§ Problem description
Scan the entries below for the word "bases", then copy each line that holds it.

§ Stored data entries
-- Opening Marker --

Lemma separated_dpos : all (fun a => a < 3) pre ->
  separated S g dpos (fun _ => 0) (fun q x => x == dpos q).
Proof.
move=> /all_nthP pre_small; split.
- by move=> q q_lt; rewrite addn0 size_with_rest ltn_dpos.
- move=> q j x q_lt [_ occ] jx; have -> : x = j by lia.
  have := occ 0 (leqnn 0); rewrite !addn0 nth_dpos // => cj.
  case: (ltnP j (size pre)) => [j_lt | j_ge].
    by have := pre_small 0 j j_lt; rewrite -nth_with_rest_pre // cj; lia.
  have: 3 <= c j by rewrite cj leq_addl.
  case/(nth_ge3 j_ge) => q' q'_lt j_eq.
  by move: cj; rewrite j_eq nth_dpos // => /addIn ->.
- move=> q q' x _ _ /eqP -> /eqP /eqP.
  by rewrite eqn_leq !leq_dpos -eqn_leq => /eqP.
Qed.

Lemma separated_blocks : free_of_01 pre ->
  separated S g (fun q => (dpos q).+1) (fun _ => g.+1)
    (fun q x => dpos q < x <= dpos q + g.+2).
Proof.
move=> no01; split.
- by move=> q q_lt; rewrite size_with_rest; have := dpos_gap q_lt; lia.
- move=> q j x q_lt [+ occ] jx; rewrite size_with_rest => jk_lt.
  have win t : t <= g.+1 -> c (j + t) = (t == q.+1 : nat).
    by move=> tg; rewrite occ // (nth_block q_lt) ?addSnnS ?eqn_add2l //; lia.
  have one : c (j + q.+1) = 1 by rewrite win ?eqxx //; lia.
  have zero : c (j + q) = 0 by rewrite win ?ltn_eqF //; lia.
  have small y : j <= y <= j + g.+1 -> c y < 3.
    by move=> jy; rewrite -(subnKC (proj1 (andP jy))) win; [case: eqP | lia].
  have pre_le : size pre <= j + q.+1.
    rewrite leqNgt; apply/negP=> lt; move: (no01 (j + q)); rewrite -addnS => /(_ lt).
    by rewrite -!nth_with_rest_pre ?one ?zero //; lia.
  have j_ge : dpos 0 <= j.
    rewrite leqNgt; apply/negP=> j_lt.
    case: (ltnP (j + q.+1) (dpos 0)) => p_lt.
      by move: one; rewrite nth_with_rest_gap ?pre_le.
    by have := small (dpos 0); rewrite nth_dpos; lia.
  have [q' q'_lt [jq' jkq']] := window_in_block j_ge jk_lt small.
  move: one; rewrite (nth_block q'_lt); last lia.
  case: eqP => // p_eq _; have q_eq : q' = q by lia.
  by subst q'; lia.
- move=> q q' x q_lt q'_lt /andP [lo hi] /andP [lo' hi'].
  by case: (ltngtP q q') => // [lt | gt]; [have := dpos_gap lt | have := dpos_gap gt]; lia.
Qed.
Lemma partitions_between (T : finType) (x0 : T) (X1 Y1 X2 Y2 X3 Y3 : {set T}) :
  partitions_setC1 x0 X1 Y1 -> partitions_setC1 x0 X2 Y2 -> partitions_setC1 x0 X3 Y3 ->
  X1 :&: X2 \subset X3 -> Y1 :&: Y2 \subset Y3 ->
  forall i, between (i \in X1) (i \in X2) (i \in X3).
Proof.
move=> [_ XY1] [_ XY2] [dis3 XY3] sX sY i; apply/andP; split; apply/implyP.
  by move=> iX12; apply: (subsetP sX); rewrite inE.
move=> iX3; apply/negPn/negP; rewrite negb_or => /andP[iX1 iX2].
have i_ne : i \in [set~ x0] by rewrite -XY3 in_setU iX3.
have iY1 : i \in Y1 by move: i_ne; rewrite -XY1 in_setU (negbTE iX1).
have iY2 : i \in Y2 by move: i_ne; rewrite -XY2 in_setU (negbTE iX2).
have iY3 : i \in Y3 by apply: (subsetP sY); rewrite inE iY1 iY2.
by rewrite (disjointFr dis3 iX3) in iY3.
Qed.

Lemma setU1I_subset (T : finType) (x : T) (A1 A2 A3 : {set T}) :
  A1 :&: A2 \subset A3 -> (x |: A1) :&: (x |: A2) \subset x |: A3.
Proof. by move=> sA; rewrite -setUIr setUS. Qed.

Lemma incr_ord0_min (R : realFieldType) n (a : 'I_n.+1 -> R) :
  (forall i j : 'I_n.+1, (i < j)%N -> a i < a j) -> forall j, a ord0 <= a j.
Proof.
by move=> a_incr j; have [-> // | j0] := eqVneq j ord0; rewrite ltW ?a_incr ?lt0n.
Qed.

Lemma incr_same_order (R : realFieldType) n (a b : 'I_n.+1 -> R) :
  (forall i j : 'I_n.+1, (i < j)%N -> a i < a j) ->
  (forall i j : 'I_n.+1, (i < j)%N -> b i < b j) ->
  forall x y, x != y -> (a x < a y /\ b x < b y) \/ (a y < a x /\ b y < b x).
Proof.
move=> a_incr b_incr x y xy; case: (ltngtP x y) => [lxy | lyx | /ord_inj exy].
- by left; rewrite a_incr ?b_incr.
- by right; rewrite a_incr ?b_incr.
- by rewrite exy eqxx in xy.
Qed.

(* Only when both (bx1, bx2) and (by1, by2) disagree can the conclusion fail,
   and that case contradicts the common ordering of (dx, dy) and (ey, ex). *)
Lemma select_between_lt (R : realFieldType) (dx dy ex ey : R)
    (bx1 bx2 bx3 by1 by2 by3 : bool) :
  (dx < dy /\ ey < ex) \/ (dy < dx /\ ex < ey) -> ex <= dx -> ey <= dy ->
  between bx1 bx2 bx3 -> between by1 by2 by3 ->
  (if by1 then dy else ey) < (if bx1 then dx else ex) ->
  (if by2 then dy else ey) < (if bx2 then dx else ex) ->
  (if by3 then dy else ey) < (if bx3 then dx else ex).
Proof.
move=> [[? ?] | [? ?]] ? ?;
by case: bx1 bx2 bx3 by1 by2 by3 => [] [] [] [] [] [] //= _ _; lra.
Qed.

Section Subdivision.
Variables (R : realFieldType) (k : nat) (bases : {set {set 'I_k}}).
Variables (u t : R) (alpha beta : 'I_k -> R).
Implicit Types (c p : 'rV[R]_k) (S T B X Y : {set 'I_k}) (w v : 'I_k -> R).

Definition cell_faces c S B T :=
  [/\ face1 u alpha c = S, face2 bases c = [set B] & face3 t beta c = T].

Lemma top_degree_face_cell S B T :
  top_degree_face bases u t alpha beta S B T -> exists c, cell_faces c S B T.
Proof. by move=> [c [f1 f2 f3 _]]; exists c. Qed.

Definition tface_rep S w B T v p :=
  [/\ conv_weights S w, conv_weights T v &
      p = \sum_(i in S) w i *: (u *: evec R i) + ind R B
          + \sum_(j in T) v j *: - (t *: evec R j)].

Lemma TfaceP S B T p : Tface u t S B T p <-> exists w v, tface_rep S w B T v p.
Proof.
split.
  move=> [a [b [q [[w [? [? [? ->]]]] [-> [[v [? [? [? ->]]]] ->]]]]]].
  by exists w, v.
move=> [w [v [[? ? ?] [? ? ?] ->]]].
exists (\sum_(i in S) w i *: (u *: evec R i)), (ind R B),
  (\sum_(j in T) v j *: - (t *: evec R j)).
by split; [exists w | split; [| split; [exists v |]]].
Qed.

-- Closing Marker --

§ Written response
Variables (R : realFieldType) (k : nat) (bases : {set {set 'I_k}}).
  [/\ face1 u alpha c = S, face2 bases c = [set B] & face3 t beta c = T].
  top_degree_face bases u t alpha beta S B T -> exists c, cell_faces c S B T.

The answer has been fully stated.